(* For any $S_1,S,T_1,T\in\mathfrak S_1(\mathbb T)$ with $S_1\le S$ and $T_1\le T$, $$d(S-S_1,T-T_1)\le d(S_1,T_1)+d(S,T).$$
   Context: A rigged subset $S$ of a set $X$ assigns to each $x$ a multiplicity $\mathrm{mult}(x;S)\in\{0,1,\dots,\infty\}$; $S\le T$ means $\mathrm{mult}(x;S)\le\mathrm{mult}(x;T)$ for all $x$; $S\pm T$ are defined by adding/subtracting multiplicities (difference when $T\le S$). An enumeration is a sequence in which each $x$ appears $\mathrm{mult}(x;S)$ times. $\mathfrak S_\infty(\mathbb T)$ consists of countable rigged subsets of the unit circle $\mathbb T$ (arc-length metric) in which $1$ has multiplicity $\infty$ and with no other accumulation point (counting multiplicity); $d(S,T)=\inf\sum_j\mathrm{dist}(s_j,t_j)$ over enumerations of $S,T$; $\mathfrak S_1(\mathbb T)=\{S: d(S,\mathbf 1)<\infty\}$, $\mathbf 1$ being $1$ with infinite multiplicity. The point $1$ is always regarded as having infinite multiplicity (so differences are again in $\mathfrak S_1(\mathbb T)$). *)

From HB Require Import structures.
From mathcomp Require Import all_boot all_order all_algebra.
From mathcomp Require Import all_classical all_reals all_analysis.
Set Implicit Arguments. Unset Strict Implicit. Unset Printing Implicit Defensive.
Import Order.TTheory GRing.Theory Num.Theory.
Import numFieldNormedType.Exports.
Local Open Scope classical_set_scope.
Local Open Scope ring_scope.

(* The unit circle T, parametrized by the angle theta in [0, 2 pi):
   the point is exp(i theta); the point 1 is theta = 0. *)
Record circ (R : realType) := Circ {
  ang : R;
  ang_ge0 : 0 <= ang;
  ang_lt : ang < 2 * pi }.

Definition circ1 (R : realType) : circ R :=
  @Circ R 0 (lexx 0) (mulr_gt0 (ltr0Sn R 1) (pi_gt0 R)).

Definition cdist (R : realType) (x y : circ R) : R :=
  Num.min `|ang x - ang y| (2 * pi - `|ang x - ang y|).

(* multiplicities in {0,1,...,oo}: Some n = n, None = oo *)
Definition mlt := option nat.

Definition mlt_le (a b : mlt) : Prop :=
  match a, b with
  | _, None => True
  | None, Some _ => False
  | Some m, Some n => (m <= n)%N
  end.

Definition mlt_sub (a b : mlt) : mlt :=
  match a, b with
  | None, _ => None
  | Some m, Some n => Some (m - n)%N
  | Some _, None => Some 0%N
  end.

(* A rigged subset of the circle: its multiplicity function. *)
Definition rigged (R : realType) := circ R -> mlt.

Definition rle (R : realType) (S T : rigged R) : Prop :=
  forall x, mlt_le (S x) (T x).

(* Difference S - T (used when T <= S); the point 1 is always regarded
   as having infinite multiplicity. *)
Definition rsub (R : realType) (S T : rigged R) : rigged R :=
  fun x => if pselect (x = circ1 R) then None else mlt_sub (S x) (T x).

Definition rone (R : realType) : rigged R :=
  fun x => if pselect (x = circ1 R) then None else Some 0%N.

(* S in S_oo(T): countable, 1 has multiplicity oo, and no other
   accumulation point counting multiplicity: every x <> 1 has a
   neighbourhood of finite total multiplicity. *)
Definition in_Soo (R : realType) (S : rigged R) : Prop :=
  [/\ countable [set x | S x <> Some 0%N],
      S (circ1 R) = None &
      forall x, x <> circ1 R -> exists2 r : R, 0 < r &
        finite_set [set y | cdist x y < r /\ S y <> Some 0%N] /\
        (forall y, cdist x y < r -> S y <> None)].

Definition occurs (R : realType) (s : nat -> circ R) (x : circ R) (m : mlt)
  : Prop :=
  match m with
  | Some n => exists l : seq nat, [/\ uniq l, size l = n &
                 forall j, s j = x <-> j \in l]
  | None => forall N, exists2 j, (N <= j)%N & s j = x
  end.

Definition enumeration (R : realType) (S : rigged R) (s : nat -> circ R)
  : Prop := forall x, occurs s x (S x).

Local Open Scope ereal_scope.

Definition rdist (R : realType) (S T : rigged R) : \bar R :=
  ereal_inf [set v | exists s t, [/\ enumeration S s, enumeration T t &
     v = \sum_(j <oo) (cdist (s j) (t j))%:E]].

Definition in_S1 (R : realType) (S : rigged R) : Prop :=
  in_Soo S /\ rdist S (@rone R) < +oo.

From HB Require Import structures.
From mathcomp Require Import all_boot all_order all_algebra.
From mathcomp Require Import all_classical all_reals all_analysis.
From mathcomp Require Import lra.
Set Implicit Arguments. Unset Strict Implicit. Unset Printing Implicit Defensive.
Import Order.TTheory GRing.Theory Num.Theory.
Local Open Scope ring_scope.

(* Take enumerations s1, t1 of S1, T1 and s, t of S, T that realise d(S1, T1) and
   d(S, T) up to epsilon.  As S1 <= S, the sequence s1 embeds into s along an
   injection phi with s (phi k) = s1 k, and likewise t1 into t along psi.  Link the
   index j to phi k whenever t j = t1 k: each index has at most one successor and
   one predecessor, so the indices split into paths and cycles.  A path starts at an
   index outside the range of phi, i.e. at a point of S - S1, and if it stops, it
   stops at an index outside the range of psi, i.e. at a point of T - T1.  Pairing
   the two ends of every path, and the free end of every infinite path with 1,
   enumerates S - S1 and T - T1 simultaneously.  By the triangle inequality a pair
   costs at most the sum over its path of d(s j, t j) + d(s1 k, t1 k) (up to an
   arbitrarily small error for infinite paths, along which s tends to 1), and the
   paths are disjoint. *)

Section CircleDistance.
Variable R : realType.
Implicit Types x y z : circ R.

Lemma cdist_ge0 x y : 0 <= cdist x y.
Proof.
rewrite /cdist; case: x y => a a0 a1 [b b0 b1] /=.
have p0 := pi_gt0 R.
case: (ltP `|a - b| (2 * pi - `|a - b|)) => _; first exact: normr_ge0.
case: (lerP 0 (a - b)) => h; [rewrite ger0_norm // | rewrite ltr0_norm //]; lra.
Qed.

Lemma cdistxx x : cdist x x = 0.
Proof.
rewrite /cdist subrr normr0 subr0.
have p0 := pi_gt0 R.
case: ltP => //; lra.
Qed.

Lemma cdistC x y : cdist x y = cdist y x.
Proof. by rewrite /cdist distrC. Qed.

Lemma minr_cases (a b : R) :
  (Num.min a b = a /\ a <= b) \/ (Num.min a b = b /\ b <= a).
Proof. by rewrite minr_absE; case: (lerP a b) => h; [left | right]; split; lra. Qed.

Lemma cdist_triangle x y z : cdist x z <= cdist x y + cdist y z.
Proof.
rewrite /cdist; case: x y z => a a0 a1 [b b0 b1] [c c0 c1] /=.
have p0 := pi_gt0 R.
case: (minr_cases `|a - c| (2 * pi - `|a - c|)) => [[-> e3]|[-> e3]];
case: (minr_cases `|a - b| (2 * pi - `|a - b|)) => [[-> e1]|[-> e1]];
case: (minr_cases `|b - c| (2 * pi - `|b - c|)) => [[-> e2]|[-> e2]];
move: e1 e2 e3;
case: (lerP 0 (a - b)) => h1; rewrite ?(ger0_norm h1) ?(ltr0_norm h1);
case: (lerP 0 (b - c)) => h2; rewrite ?(ger0_norm h2) ?(ltr0_norm h2);
case: (lerP 0 (a - c)) => h3; rewrite ?(ger0_norm h3) ?(ltr0_norm h3);
move=> e1 e2 e3; lra.
Qed.

End CircleDistance.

= = = = =

From the listing above, repeat exactly the lines starting at the line that includes "match m with" and ending at the line that includes "From mathcomp Require Import lra.", with nothing outside that span.

  match m with
  | Some n => exists l : seq nat, [/\ uniq l, size l = n &
                 forall j, s j = x <-> j \in l]
  | None => forall N, exists2 j, (N <= j)%N & s j = x
  end.

Definition enumeration (R : realType) (S : rigged R) (s : nat -> circ R)
  : Prop := forall x, occurs s x (S x).

Local Open Scope ereal_scope.

Definition rdist (R : realType) (S T : rigged R) : \bar R :=
  ereal_inf [set v | exists s t, [/\ enumeration S s, enumeration T t &
     v = \sum_(j <oo) (cdist (s j) (t j))%:E]].

Definition in_S1 (R : realType) (S : rigged R) : Prop :=
  in_Soo S /\ rdist S (@rone R) < +oo.

From HB Require Import structures.
From mathcomp Require Import all_boot all_order all_algebra.
From mathcomp Require Import all_classical all_reals all_analysis.
From mathcomp Require Import lra.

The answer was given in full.